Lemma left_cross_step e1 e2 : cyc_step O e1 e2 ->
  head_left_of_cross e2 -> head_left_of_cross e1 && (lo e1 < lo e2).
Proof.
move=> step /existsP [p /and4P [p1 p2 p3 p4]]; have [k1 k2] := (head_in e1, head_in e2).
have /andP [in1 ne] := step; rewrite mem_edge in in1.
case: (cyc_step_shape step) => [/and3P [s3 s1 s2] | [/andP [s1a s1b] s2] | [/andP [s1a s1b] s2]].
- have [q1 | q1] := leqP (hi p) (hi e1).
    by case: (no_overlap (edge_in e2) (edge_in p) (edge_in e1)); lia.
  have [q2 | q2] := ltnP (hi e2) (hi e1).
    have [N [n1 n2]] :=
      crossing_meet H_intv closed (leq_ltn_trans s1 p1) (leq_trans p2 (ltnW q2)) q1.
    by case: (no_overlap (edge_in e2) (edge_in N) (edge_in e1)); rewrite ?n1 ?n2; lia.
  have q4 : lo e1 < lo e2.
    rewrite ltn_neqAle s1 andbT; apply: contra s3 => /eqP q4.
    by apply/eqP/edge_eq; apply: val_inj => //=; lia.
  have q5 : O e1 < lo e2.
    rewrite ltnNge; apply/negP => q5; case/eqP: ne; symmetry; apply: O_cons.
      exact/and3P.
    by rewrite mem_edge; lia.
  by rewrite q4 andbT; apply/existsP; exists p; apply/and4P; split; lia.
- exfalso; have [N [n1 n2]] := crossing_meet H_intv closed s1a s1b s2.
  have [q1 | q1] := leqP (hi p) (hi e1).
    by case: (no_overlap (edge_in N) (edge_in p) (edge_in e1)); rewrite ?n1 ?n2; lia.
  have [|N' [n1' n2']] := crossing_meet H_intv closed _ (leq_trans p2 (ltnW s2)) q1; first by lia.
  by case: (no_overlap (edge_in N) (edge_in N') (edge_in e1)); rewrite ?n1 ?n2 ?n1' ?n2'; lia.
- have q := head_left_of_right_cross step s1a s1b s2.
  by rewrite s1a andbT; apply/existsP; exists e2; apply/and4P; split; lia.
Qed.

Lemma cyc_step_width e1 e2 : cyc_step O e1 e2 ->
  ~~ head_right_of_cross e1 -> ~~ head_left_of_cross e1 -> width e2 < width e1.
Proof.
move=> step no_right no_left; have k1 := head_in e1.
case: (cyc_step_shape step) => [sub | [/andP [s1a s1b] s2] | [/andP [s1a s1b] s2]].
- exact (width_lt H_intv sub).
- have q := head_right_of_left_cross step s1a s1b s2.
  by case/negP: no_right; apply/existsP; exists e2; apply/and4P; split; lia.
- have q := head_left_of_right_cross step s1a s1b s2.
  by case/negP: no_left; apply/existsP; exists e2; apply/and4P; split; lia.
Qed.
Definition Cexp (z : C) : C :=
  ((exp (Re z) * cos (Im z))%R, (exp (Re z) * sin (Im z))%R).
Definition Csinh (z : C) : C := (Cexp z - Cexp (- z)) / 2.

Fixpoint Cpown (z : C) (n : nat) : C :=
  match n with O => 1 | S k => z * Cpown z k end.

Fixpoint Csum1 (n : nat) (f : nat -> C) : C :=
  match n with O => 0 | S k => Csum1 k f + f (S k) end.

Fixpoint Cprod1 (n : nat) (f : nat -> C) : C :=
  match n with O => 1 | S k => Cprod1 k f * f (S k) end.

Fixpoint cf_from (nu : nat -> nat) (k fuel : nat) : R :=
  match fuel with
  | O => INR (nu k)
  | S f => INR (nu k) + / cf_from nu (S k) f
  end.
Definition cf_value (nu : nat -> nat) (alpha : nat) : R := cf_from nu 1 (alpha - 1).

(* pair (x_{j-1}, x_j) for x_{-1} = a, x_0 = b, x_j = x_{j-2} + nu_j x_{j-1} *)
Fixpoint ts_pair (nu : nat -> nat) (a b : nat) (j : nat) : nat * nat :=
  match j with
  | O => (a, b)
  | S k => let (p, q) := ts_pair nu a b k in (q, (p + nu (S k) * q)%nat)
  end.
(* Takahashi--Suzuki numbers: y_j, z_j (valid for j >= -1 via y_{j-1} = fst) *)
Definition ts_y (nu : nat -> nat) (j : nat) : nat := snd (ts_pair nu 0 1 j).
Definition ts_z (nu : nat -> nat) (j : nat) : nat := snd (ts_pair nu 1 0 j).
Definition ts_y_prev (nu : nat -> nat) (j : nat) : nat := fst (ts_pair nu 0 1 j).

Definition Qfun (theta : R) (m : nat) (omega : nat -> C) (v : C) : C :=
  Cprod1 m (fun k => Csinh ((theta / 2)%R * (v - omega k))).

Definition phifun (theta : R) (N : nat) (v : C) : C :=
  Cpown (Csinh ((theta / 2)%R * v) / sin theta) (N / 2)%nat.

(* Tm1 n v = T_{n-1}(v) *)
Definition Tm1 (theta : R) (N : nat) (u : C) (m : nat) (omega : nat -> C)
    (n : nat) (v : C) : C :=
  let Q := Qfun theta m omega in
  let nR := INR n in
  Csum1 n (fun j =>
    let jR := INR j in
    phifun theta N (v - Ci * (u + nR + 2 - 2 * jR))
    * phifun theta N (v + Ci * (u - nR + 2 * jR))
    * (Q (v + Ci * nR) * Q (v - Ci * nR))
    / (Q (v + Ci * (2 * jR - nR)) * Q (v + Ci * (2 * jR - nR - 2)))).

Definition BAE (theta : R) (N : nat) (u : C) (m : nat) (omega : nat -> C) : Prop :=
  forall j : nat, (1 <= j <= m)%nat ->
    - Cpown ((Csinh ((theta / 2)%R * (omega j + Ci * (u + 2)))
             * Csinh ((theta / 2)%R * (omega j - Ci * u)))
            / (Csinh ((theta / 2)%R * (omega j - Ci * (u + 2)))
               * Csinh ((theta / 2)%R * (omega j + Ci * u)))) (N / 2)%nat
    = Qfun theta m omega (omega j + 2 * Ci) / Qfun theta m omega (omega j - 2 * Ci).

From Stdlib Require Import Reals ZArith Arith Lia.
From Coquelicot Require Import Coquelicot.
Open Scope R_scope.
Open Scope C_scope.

·····

Assigned task:
Start at the first line of the material and transcribe each line exactly, stopping once the line containing "by case: (no_overlap (edge_in N) (edge_in p)" has been written.

Output below:
Lemma left_cross_step e1 e2 : cyc_step O e1 e2 ->
  head_left_of_cross e2 -> head_left_of_cross e1 && (lo e1 < lo e2).
Proof.
move=> step /existsP [p /and4P [p1 p2 p3 p4]]; have [k1 k2] := (head_in e1, head_in e2).
have /andP [in1 ne] := step; rewrite mem_edge in in1.
case: (cyc_step_shape step) => [/and3P [s3 s1 s2] | [/andP [s1a s1b] s2] | [/andP [s1a s1b] s2]].
- have [q1 | q1] := leqP (hi p) (hi e1).
    by case: (no_overlap (edge_in e2) (edge_in p) (edge_in e1)); lia.
  have [q2 | q2] := ltnP (hi e2) (hi e1).
    have [N [n1 n2]] :=
      crossing_meet H_intv closed (leq_ltn_trans s1 p1) (leq_trans p2 (ltnW q2)) q1.
    by case: (no_overlap (edge_in e2) (edge_in N) (edge_in e1)); rewrite ?n1 ?n2; lia.
  have q4 : lo e1 < lo e2.
    rewrite ltn_neqAle s1 andbT; apply: contra s3 => /eqP q4.
    by apply/eqP/edge_eq; apply: val_inj => //=; lia.
  have q5 : O e1 < lo e2.
    rewrite ltnNge; apply/negP => q5; case/eqP: ne; symmetry; apply: O_cons.
      exact/and3P.
    by rewrite mem_edge; lia.
  by rewrite q4 andbT; apply/existsP; exists p; apply/and4P; split; lia.
- exfalso; have [N [n1 n2]] := crossing_meet H_intv closed s1a s1b s2.
  have [q1 | q1] := leqP (hi p) (hi e1).
    by case: (no_overlap (edge_in N) (edge_in p) (edge_in e1)); rewrite ?n1 ?n2; lia.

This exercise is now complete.